◆ REQUIREMENT
Give back exactly the lines of the entries below from the line with "Lemma alt_from_index w" to the line with "move=> nxy; rewrite alternateE", inclusive, and only those.

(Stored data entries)
__________

(* The graph $T_6$ is a minimal non-word-representable graph: $T_6$ is not word-representable, but every graph obtained from $T_6$ by deleting one vertex is word-representable.
   Context: A graph $G=(V,E)$ is word-representable if there exists a word $w$ over the alphabet $V$ such that for all distinct $x,y\in V$, the letters $x$ and $y$ alternate in $w$ if and only if $xy\in E$ (alternation meaning that deleting all letters other than $x$ and $y$ leaves $xyxy\cdots$ or $yxyx\cdots$). The graph $T_6$ has vertex set $\{1,\dots,9\}$; the vertices $1,2,3,4,5$ form a clique, the vertices $6,7,8,9$ form an independent set, and the remaining edges are: $6$ is adjacent to $1,2,3$; $7$ is adjacent to $1,2$; $8$ is adjacent to $1,4$; $9$ is adjacent to $2,5$. *)

From mathcomp Require Import all_boot all_order.
Set Implicit Arguments. Unset Strict Implicit. Unset Printing Implicit Defensive.

(* A simple graph: vertex set a finType T, symmetric irreflexive edge relation e. *)

Definition alternate (T : eqType) (w : seq T) (x y : T) : bool :=
  sorted (fun a b => a != b) [seq z <- w | (z == x) || (z == y)].

Definition word_representable (T : finType) (e : rel T) : Prop :=
  exists w : seq T, (forall x : T, x \in w) /\
    forall x y : T, x != y -> (alternate w x y <-> e x y).

Definition del_vertex_type (T : finType) (v : T) := {x : T | x != v}.
Definition del_vertex (T : finType) (e : rel T) (v : T) : rel (del_vertex_type v) :=
  fun x y => e (val x) (val y).

(* T6 on vertices 'I_9, where ordinal i represents vertex i+1 of the paper. *)
Definition T6_edge_nat (a b : nat) : bool :=
  [&& (1 <= a <= 5), (1 <= b <= 5) & a != b]
  || ((a == 6) && (b \in [:: 1; 2; 3]))
  || ((a == 7) && (b \in [:: 1; 2]))
  || ((a == 8) && (b \in [:: 1; 4]))
  || ((a == 9) && (b \in [:: 2; 5])).

Definition T6 : rel 'I_9 := fun i j =>
  T6_edge_nat i.+1 j.+1 || T6_edge_nat j.+1 i.+1.
Arguments del_vertex {T} e v.

From mathcomp Require Import all_boot all_order.
Set Implicit Arguments. Unset Strict Implicit. Unset Printing Implicit Defensive.

(* The first occurrences of the letters of a word representing a graph order
   its vertices, and this order has no shortcut on four vertices: if
   a < b < c < d and a b, b c, c d, a d are edges, then so are a c and b d.
   In T6, let v be an outside vertex adjacent to the clique vertices n1, n2
   and not to the clique vertex k.  If exactly one of v, k lay between n1 and
   n2, the cycle v n1 k n2 would be such a shortcut without the chord v k.  So
   all clique non-neighbours of v lie on the same side of the pair n1, n2, and
   none of the 120 orders of the clique {1, ..., 5} achieves this for all of
   6, 7, 8 and 9.  Each vertex-deleted subgraph is represented by an explicit
   word. *)


Section Alternation.
Variable T : eqType.
Implicit Types (x y : T) (w : seq T).

(* The flag [b] records that one more [x] than [y] has been read, so that
   [alt_from x y w] says that the [x]'s and [y]'s of [w] read [x y x y ...]. *)
Fixpoint alt_run x y (b : bool) w : bool :=
  if w is z :: w' then
    if z == x then ~~ b && alt_run x y true w'
    else if z == y then b && alt_run x y false w'
    else alt_run x y b w'
  else true.

Definition alt_from x y w := alt_run x y false w.

Lemma alt_runE x y b w : x != y ->
  alt_run x y b w = path (fun a c => a != c) (if b then x else y)
                      [seq z <- w | (z == x) || (z == y)].
Proof.
move=> nxy; elim: w b => [|z w IH] b //=.
case: (eqVneq z x) => [->|zx] /=.
  by rewrite IH; case: b => /=; rewrite ?eqxx // eq_sym nxy.
case: (eqVneq z y) => [->|zy] /=; last by rewrite IH.
by rewrite IH; case: b => /=; rewrite ?eqxx ?nxy.
Qed.

Lemma alternateE w x y : x != y ->
  alternate w x y = alt_from x y w || alt_from y x w.
Proof.
move=> nxy; rewrite /alternate /alt_from alt_runE // alt_runE 1?eq_sym //=.
rewrite (eq_filter (a2 := fun z => (z == x) || (z == y))); last by move=> z; rewrite orbC.
case E: [seq z <- w | (z == x) || (z == y)] => [|z f] //=.
have : z \in [seq z <- w | (z == x) || (z == y)] by rewrite E mem_head.
rewrite mem_filter => /andP[/orP[]/eqP-> _].
  by rewrite eqxx /= orbF (eq_sym y x) nxy.
by rewrite eqxx nxy.
Qed.

Lemma alt_from_index w x y : x != y -> alt_from x y w -> y \in w ->
  index x w < index y w.
Proof.
move=> nxy; elim: w => //= z w IH; rewrite /alt_from /= inE.
case: (eqVneq z x) => [->|zx]; first by rewrite eq_sym (negbTE nxy).
by case: (eqVneq z y) => //= zy /IH; rewrite eq_sym (negbTE zy).
Qed.

Lemma alt_from_of_index w x y : x != y -> alternate w x y ->
  index x w < index y w -> alt_from x y w.
Proof.
move=> nxy; rewrite alternateE // => /orP[//|yx] lt_xy.
have xw : x \in w by rewrite -index_mem (leq_trans lt_xy) ?index_size.
by move: lt_xy; rewrite ltnNge ltnW // alt_from_index // eq_sym.
Qed.

(* Counting letters in prefixes, (#a - #b) + (#b - #c) + (#c - #d) = #a - #d;
   if all four differences stay in {0, 1}, then so do #a - #c and #b - #d. *)
Lemma alt_run_chain a b c d w (s1 s2 s3 s4 : bool) : uniq [:: a; b; c; d] ->
  s1 + s2 + s3 = s4 ->
  alt_run a b s1 w -> alt_run b c s2 w -> alt_run c d s3 w -> alt_run a d s4 w ->
  alt_run a c (s1 || s2) w && alt_run b d (s2 || s3) w.
Proof.
rewrite /= !inE !negb_or => /and4P[/and3P[ab ac ad] /andP[bc bd] cd _].
elim: w s1 s2 s3 s4 => [|z w IH] s1 s2 s3 s4 sum //=.
case: (eqVneq z a) => [->|_].
  rewrite ?(negbTE ab, negbTE ac, negbTE ad, negbTE bc, negbTE bd, negbTE cd).
  by case: s1 s2 s3 s4 sum => [] [] [] [] //= _ h1 h2 h3 h4; apply: (IH true false false true).
case: (eqVneq z b) => [->|_].
  rewrite ?(negbTE ab, negbTE ac, negbTE ad, negbTE bc, negbTE bd, negbTE cd).
  by case: s1 s2 s3 s4 sum => [] [] [] [] //= _ h1 h2 h3 h4; apply: (IH false true false true).
case: (eqVneq z c) => [->|_].
  rewrite ?(negbTE ab, negbTE ac, negbTE ad, negbTE bc, negbTE bd, negbTE cd).
  by case: s1 s2 s3 s4 sum => [] [] [] [] //= _ h1 h2 h3 h4; apply: (IH false false true true).
case: (z == d); last exact: IH.
by case: s1 s2 s3 s4 sum => [] [] [] [] //= _ h1 h2 h3 h4; apply: (IH false false false false).
Qed.

Lemma alt_from_chain a b c d w : uniq [:: a; b; c; d] ->
  alt_from a b w -> alt_from b c w -> alt_from c d w -> alt_from a d w ->
  alt_from a c w && alt_from b d w.
Proof. by move=> abcd; apply: (alt_run_chain (s4 := false)). Qed.

End Alternation.

Definition between (T : Type) (r : T -> nat) (x y z : T) :=
  (r x < r y < r z) || (r z < r y < r x).

Section ShortcutFree.
Variables (T : eqType) (e : rel T).

Definition shortcut4_free (r : T -> nat) : Prop :=
  forall a b c d, r a < r b -> r b < r c -> r c < r d ->
    e a b -> e b c -> e c d -> e a d -> e a c && e b d.

Lemma first_occurrence_shortcut4_free w :
  (forall x y, x != y -> alternate w x y <-> e x y) -> shortcut4_free (index ^~ w).
Proof.
move=> w_repr a b c d ab bc cd eab ebc ecd ead.
have neq x y : index x w < index y w -> x != y.
  by move=> lt_xy; apply: contraTneq lt_xy => ->; rewrite ltnn.
have alt x y : index x w < index y w -> e x y -> alt_from x y w.
  move=> lt_xy exy; have nxy := neq _ _ lt_xy.
  by apply: alt_from_of_index lt_xy => //; apply/(w_repr _ _ nxy).
have ac := ltn_trans ab bc; have bd := ltn_trans bc cd; have ad := ltn_trans ac cd.
have abcd : uniq [:: a; b; c; d] by rewrite /= !inE !negb_or !neq.
have /andP[acw bdw] := alt_from_chain abcd (alt _ _ ab eab) (alt _ _ bc ebc)
                                          (alt _ _ cd ecd) (alt _ _ ad ead).
by apply/andP; split; [apply/(w_repr _ _ (neq _ _ ac)) | apply/(w_repr _ _ (neq _ _ bd))];
  rewrite alternateE ?neq ?acw ?bdw.
Qed.

Section Between.
Variable r : T -> nat.
Hypotheses (e_sym : symmetric e) (r_inj : injective r) (r_free : shortcut4_free r).

Lemma between_nonadjacent_inside v k n1 n2 :
  e v n1 -> e v n2 -> e k n1 -> e k n2 -> ~~ e v k ->
  r n1 < r v < r n2 -> r n1 < r k < r n2.
Proof.
move=> vn1 vn2 kn1 kn2 vk /andP[n1v vn2r].
have n1v_e : e n1 v by rewrite e_sym.
have kv : e k v = false by rewrite e_sym (negbTE vk).
have rk_neq x : e v x -> r k != r x by move=> vx; apply: contraNneq vk => /r_inj->.
(* Otherwise [k n1 v n2] or [n1 v n2 k] would be a shortcut lacking [v k]. *)
case: (ltngtP (r k) (r n1)) => [kn1r|_|/eqP]; last by rewrite (negbTE (rk_neq _ vn1)).
  by have /andP[] := r_free kn1r n1v vn2r kn1 n1v_e vn2 kn2; rewrite kv.
case: (ltngtP (r k) (r n2)) => [//|n2k|/eqP]; last by rewrite (negbTE (rk_neq _ vn2)).
have n2k_e : e n2 k by rewrite e_sym.
have n1k_e : e n1 k by rewrite e_sym.
by have /andP[_] := r_free n1v vn2r n2k n1v_e vn2 n2k_e n1k_e; rewrite (negbTE vk).
Qed.

Lemma between_nonadjacent v k n1 n2 :
  e v n1 -> e v n2 -> e k n1 -> e k n2 -> ~~ e v k ->
  between r n1 v n2 = between r n1 k n2.
Proof.
move=> vn1 vn2 kn1 kn2 vk; have kv : ~~ e k v by rewrite e_sym.
apply/idP/idP => /orP[] inside; apply/orP;
  by [left; apply: between_nonadjacent_inside inside
     | right; apply: between_nonadjacent_inside inside].
Qed.

End Between.
End ShortcutFree.

Lemma index_sort_ltn (T : eqType) (r : T -> nat) (s : seq T) x y :
  injective r -> x \in s -> y \in s ->
  (index x (sort (relpre r leq) s) < index y (sort (relpre r leq) s)) = (r x < r y).
Proof.
move=> r_inj xs ys; set p := sort _ s.
have p_sorted : sorted (relpre r leq) p := sort_sorted (fun x y => leq_total (r x) (r y)) s.
have le_of_index := sorted_ltn_index (fun y x z => @leq_trans (r y) (r x) (r z)) p_sorted.
have [xp yp] : x \in p /\ y \in p by rewrite !mem_sort.
case: (ltngtP (index x p) (index y p)) => [lt|gt|/index_inj eq_xy]; last by rewrite eq_xy ?ltnn.
  rewrite ltn_neqAle le_of_index // andbT; apply/esym.
  by apply: contraTneq lt => /r_inj->; rewrite ltnn.
by rewrite ltnNge le_of_index.
Qed.

Section SplitOrders.
Variables (T : eqType) (e : rel T) (cl : seq T).

Definition nonneighbours_one_sided (vs p : seq T) : bool :=
  all (fun v => all (fun n1 => all (fun n2 =>
        constant [seq between (index ^~ p) n1 k n2 | k <- cl & ~~ e v k])
      [seq n <- cl | e v n]) [seq n <- cl | e v n]) vs.

Hypotheses (e_sym : symmetric e) (cl_clique : {in cl &, forall x y, x != y -> e x y}).

Lemma shortcut4_free_one_sided r vs : injective r -> shortcut4_free e r ->
  nonneighbours_one_sided vs (sort (relpre r leq) cl).
Proof.
move=> r_inj r_free; apply/allP=> v _.
apply/allP=> n1; rewrite mem_filter => /andP[vn1 n1cl].
apply/allP=> n2; rewrite mem_filter => /andP[vn2 n2cl].
apply: (@all_pred1_constant _ (between r n1 v n2)); rewrite all_map.
apply/allP=> k; rewrite mem_filter => /andP[vk kcl] /=.
have adj x : e v x -> x \in cl -> e k x.
  move=> vx xcl; apply: cl_clique => //; apply: contraNneq vk => ->; exact: vx.
have -> : between (index ^~ (sort (relpre r leq) cl)) n1 k n2 = between r n1 k n2.
  by rewrite /between !index_sort_ltn.
by rewrite -(between_nonadjacent e_sym r_inj r_free vn1 vn2 (adj _ vn1 n1cl) (adj _ vn2 n2cl)).
Qed.

End SplitOrders.

(* The paper's vertex [i]; unlike [inord i.-1], this reduces under [vm_compute]. *)
Definition T6_vertex (i : nat) : 'I_9 := Ordinal (ltn_pmod i.-1 (isT : 0 < 9)).

Definition T6_vertices : seq 'I_9 := map T6_vertex (iota 1 9).
Definition T6_clique : seq 'I_9 := map T6_vertex [:: 1; 2; 3; 4; 5].
Definition T6_independent : seq 'I_9 := map T6_vertex [:: 6; 7; 8; 9].

Lemma mem_T6_vertices x : x \in T6_vertices.
Proof.
apply/mapP; exists x.+1; first by rewrite mem_iota /= ltnS ltn_ord.
by apply: val_inj; rewrite /= modn_small.
Qed.

Lemma T6_sym : symmetric T6.
Proof. by move=> x y; rewrite /T6 orbC. Qed.

Lemma T6_clique_complete : {in T6_clique &, forall x y, x != y -> T6 x y}.
Proof.
have : all (fun x => all (fun y => (x == y) || T6 x y) T6_clique) T6_clique.
  by vm_compute.
by move/allP=> cl x y /cl/allP/[apply]/predU1P[->|//]; rewrite eqxx.
Qed.

Lemma T6_clique_orders_not_one_sided :
  all (fun p => ~~ nonneighbours_one_sided T6 T6_clique T6_independent p)
    (permutations T6_clique).
Proof. by vm_compute. Qed.

Lemma T6_not_word_representable : ~ word_representable T6.
Proof.
case=> w [w_all w_repr].
have r_inj : injective (index ^~ w) by move=> x y; apply: index_inj.
have := allP T6_clique_orders_not_one_sided (sort (relpre (index ^~ w) leq) T6_clique).
rewrite mem_permutations perm_sort => /(_ isT)/negP; apply.
exact: shortcut4_free_one_sided T6_sym T6_clique_complete _ _ r_inj
         (first_occurrence_shortcut4_free w_repr).
Qed.

Lemma alternate_map (T1 T2 : eqType) (f : T1 -> T2) (w : seq T1) x y :
  injective f -> alternate (map f w) (f x) (f y) = alternate w x y.
Proof.
move=> f_inj; rewrite /alternate filter_map sorted_map.
rewrite (eq_filter (a2 := fun z => (z == x) || (z == y))); last first.
  by move=> z /=; rewrite !inj_eq.
by apply: eq_sorted => a b /=; rewrite inj_eq.
Qed.

Definition represents_without (T : eqType) (e : rel T) (vs : seq T) (v : T) (w : seq T) :=
  [&& v \notin w, all (fun x => (x == v) || (x \in w)) vs &
      all (fun x => all (fun y =>
        [|| x == v, y == v, x == y | alternate w x y == e x y]) vs) vs].

Lemma represents_without_del_vertex (T : finType) (e : rel T) (vs : seq T) v w :
  (forall x, x \in vs) -> represents_without e vs v w ->
  word_representable (del_vertex e v).
Proof.
move=> vs_all /and3P[vw /allP w_all /allP w_alt].
pose ws : seq (del_vertex_type v) := pmap insub w.
have ws_val : map val ws = w.
  rewrite pmap_filter; last exact: insubK.
  apply/all_filterP/allP => x xw /=; rewrite isSome_insub.
  by apply: contraNneq vw => <-.
exists ws; split.
  move=> x; rewrite mem_pmap_sub.
  by have /predU1P[xv|//] := w_all _ (vs_all (val x)); case/eqP: (valP x).
move=> x y nxy; rewrite /del_vertex -(alternate_map _ _ _ val_inj) ws_val.
have /allP/(_ _ (vs_all (val y))) := w_alt _ (vs_all (val x)).
by rewrite (negbTE (valP x)) (negbTE (valP y)) (inj_eq val_inj) (negbTE nxy) => /eqP->.
Qed.

(* The [i]-th word (counting from 0) represents [T6] without the vertex
   [T6_vertex i.+1]. *)
Definition T6_words : seq (seq nat) := [::
  [:: 2; 3; 6; 4; 9; 5; 7; 2; 7; 9; 3; 8; 4; 8; 5; 6];
  [:: 1; 3; 6; 5; 8; 4; 7; 1; 7; 8; 3; 9; 5; 9; 4; 6];
  [:: 1; 2; 6; 7; 5; 8; 4; 1; 8; 9; 2; 5; 9; 4; 7; 6];
  [:: 1; 2; 7; 6; 5; 3; 8; 1; 8; 9; 2; 5; 9; 6; 3; 7];
  [:: 1; 2; 7; 3; 6; 8; 4; 1; 8; 9; 2; 9; 3; 4; 6; 7];
  [:: 1; 2; 7; 5; 3; 8; 4; 1; 8; 9; 2; 5; 9; 3; 4; 7];
  [:: 1; 3; 2; 6; 5; 8; 4; 1; 8; 3; 9; 2; 5; 9; 4; 6];
  [:: 1; 2; 7; 6; 5; 4; 3; 1; 9; 2; 5; 9; 4; 6; 3; 7];
  [:: 1; 2; 7; 3; 6; 5; 8; 4; 1; 8; 2; 3; 5; 4; 6; 7]].

Definition T6_word_without (v : 'I_9) : seq 'I_9 := map T6_vertex (nth [::] T6_words v).

Lemma T6_words_represent :
  all (fun v => represents_without T6 T6_vertices v (T6_word_without v)) T6_vertices.
Proof. by vm_compute. Qed.

Lemma T6_del_vertex_word_representable v : word_representable (del_vertex T6 v).
Proof.
apply: (represents_without_del_vertex mem_T6_vertices).
exact: allP T6_words_represent v (mem_T6_vertices v).
Qed.

Theorem theorem14 :
  ~ word_representable T6 /\
  forall v : 'I_9, word_representable (del_vertex T6 v).
Proof.
split; [exact: T6_not_word_representable | exact: T6_del_vertex_word_representable].
Qed.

__________

◆ RESULT BELOW
Lemma alt_from_index w x y : x != y -> alt_from x y w -> y \in w ->
  index x w < index y w.
Proof.
move=> nxy; elim: w => //= z w IH; rewrite /alt_from /= inE.
case: (eqVneq z x) => [->|zx]; first by rewrite eq_sym (negbTE nxy).
by case: (eqVneq z y) => //= zy /IH; rewrite eq_sym (negbTE zy).
Qed.

Lemma alt_from_of_index w x y : x != y -> alternate w x y ->
  index x w < index y w -> alt_from x y w.
Proof.
move=> nxy; rewrite alternateE // => /orP[//|yx] lt_xy.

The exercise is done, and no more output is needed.